----- Records provided -----
(* Let $A\in\mathbb{R}^{n\times n}$, $B=I$, $m,c_0\in\mathbb{R}^n$, $r>0$, $r_0>0$. Let $p_1,\dots,p_N$ be the generating unit vectors of a $\tfrac{\sqrt3}{2}$-SVP, with maximum alignment $\eta=\max_{i\ne j}\langle p_i,p_j\rangle$, and set $D=\max_{1\le k\le N}\|A^{k+1}-I\|_2$. Suppose \[ r_0\le\frac{r(1-\eta)}{D(3-\eta)} \] and $x_0\in\mathcal{B}(m,r)\cap\mathcal{B}(c_0,r_0)$. Let $u_0\in\mathbb{R}^n$ be arbitrary and define recursively, for $i=1,\dots,N$, \[ u_i=\big(r-\|A^{i+1}-I\|_2\,r_0\big)p_i-(A^{i+1}-I)c_0-\sum_{j=0}^{i-1}A^{i-j}u_j , \] and let $x_{k+1}=Ax_k+u_k$. Then there exists $i\in\{1,\dots,N\}$ with $x_{i+1}\in\mathcal{B}(m,r)$.
   Context: $\|\cdot\|_2$ denotes the Euclidean norm and the induced operator norm; $\mathcal{B}(x,r)$ is the closed Euclidean ball; $\mathbb{S}^{n-1}$ the unit sphere. A $\tfrac{\sqrt3}{2}$-SVP is generated by unit vectors $p_1,\dots,p_N\in\mathbb{S}^{n-1}$ such that the open caps $C(p_i,\tfrac{\sqrt3}{2})=\{w\in\mathbb{S}^{n-1}:\langle p_i,w\rangle>\tfrac{\sqrt3}{2}\}$ cover $\mathbb{S}^{n-1}$, with $N$ the smallest integer for which such a covering exists (necessarily $N\ge2$). The corresponding spherical Voronoi partition of a sphere $\partial\mathcal{B}(c,\rho)$ has cells $R_i=\{x:\|x-c\|=\rho,\ \langle x-c,p_i\rangle\ge\langle x-c,p_j\rangle\ \forall j\ne i\}$. *)

From HB Require Import structures.
From mathcomp Require Import all_boot all_order all_algebra.
From mathcomp Require Import boolp classical_sets reals.
Set Implicit Arguments. Unset Strict Implicit. Unset Printing Implicit Defensive.
Import Order.TTheory GRing.Theory Num.Theory.
Local Open Scope ring_scope.

Section Defs.
Variable R : realType.

Definition enorm (n : nat) (x : 'cV[R]_n) : R := Num.sqrt (\sum_(i < n) x i 0 ^+ 2).

Definition dot (n : nat) (x y : 'cV[R]_n) : R := \sum_(i < n) x i 0 * y i 0.

Definition opnorm (n : nat) (A : 'M[R]_n) : R :=
  sup [set enorm (A *m x) | x in [set x : 'cV[R]_n | enorm x <= 1]]%classic.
-----
Your assignment: Your reply must contain each entry, reproduced exactly.

Output for this task:
(* Let $A\in\mathbb{R}^{n\times n}$, $B=I$, $m,c_0\in\mathbb{R}^n$, $r>0$, $r_0>0$. Let $p_1,\dots,p_N$ be the generating unit vectors of a $\tfrac{\sqrt3}{2}$-SVP, with maximum alignment $\eta=\max_{i\ne j}\langle p_i,p_j\rangle$, and set $D=\max_{1\le k\le N}\|A^{k+1}-I\|_2$. Suppose \[ r_0\le\frac{r(1-\eta)}{D(3-\eta)} \] and $x_0\in\mathcal{B}(m,r)\cap\mathcal{B}(c_0,r_0)$. Let $u_0\in\mathbb{R}^n$ be arbitrary and define recursively, for $i=1,\dots,N$, \[ u_i=\big(r-\|A^{i+1}-I\|_2\,r_0\big)p_i-(A^{i+1}-I)c_0-\sum_{j=0}^{i-1}A^{i-j}u_j , \] and let $x_{k+1}=Ax_k+u_k$. Then there exists $i\in\{1,\dots,N\}$ with $x_{i+1}\in\mathcal{B}(m,r)$.
   Context: $\|\cdot\|_2$ denotes the Euclidean norm and the induced operator norm; $\mathcal{B}(x,r)$ is the closed Euclidean ball; $\mathbb{S}^{n-1}$ the unit sphere. A $\tfrac{\sqrt3}{2}$-SVP is generated by unit vectors $p_1,\dots,p_N\in\mathbb{S}^{n-1}$ such that the open caps $C(p_i,\tfrac{\sqrt3}{2})=\{w\in\mathbb{S}^{n-1}:\langle p_i,w\rangle>\tfrac{\sqrt3}{2}\}$ cover $\mathbb{S}^{n-1}$, with $N$ the smallest integer for which such a covering exists (necessarily $N\ge2$). The corresponding spherical Voronoi partition of a sphere $\partial\mathcal{B}(c,\rho)$ has cells $R_i=\{x:\|x-c\|=\rho,\ \langle x-c,p_i\rangle\ge\langle x-c,p_j\rangle\ \forall j\ne i\}$. *)

From HB Require Import structures.
From mathcomp Require Import all_boot all_order all_algebra.
From mathcomp Require Import boolp classical_sets reals.
Set Implicit Arguments. Unset Strict Implicit. Unset Printing Implicit Defensive.
Import Order.TTheory GRing.Theory Num.Theory.
Local Open Scope ring_scope.

Section Defs.
Variable R : realType.

Definition enorm (n : nat) (x : 'cV[R]_n) : R := Num.sqrt (\sum_(i < n) x i 0 ^+ 2).

Definition dot (n : nat) (x y : 'cV[R]_n) : R := \sum_(i < n) x i 0 * y i 0.

Definition opnorm (n : nat) (A : 'M[R]_n) : R :=
  sup [set enorm (A *m x) | x in [set x : 'cV[R]_n | enorm x <= 1]]%classic.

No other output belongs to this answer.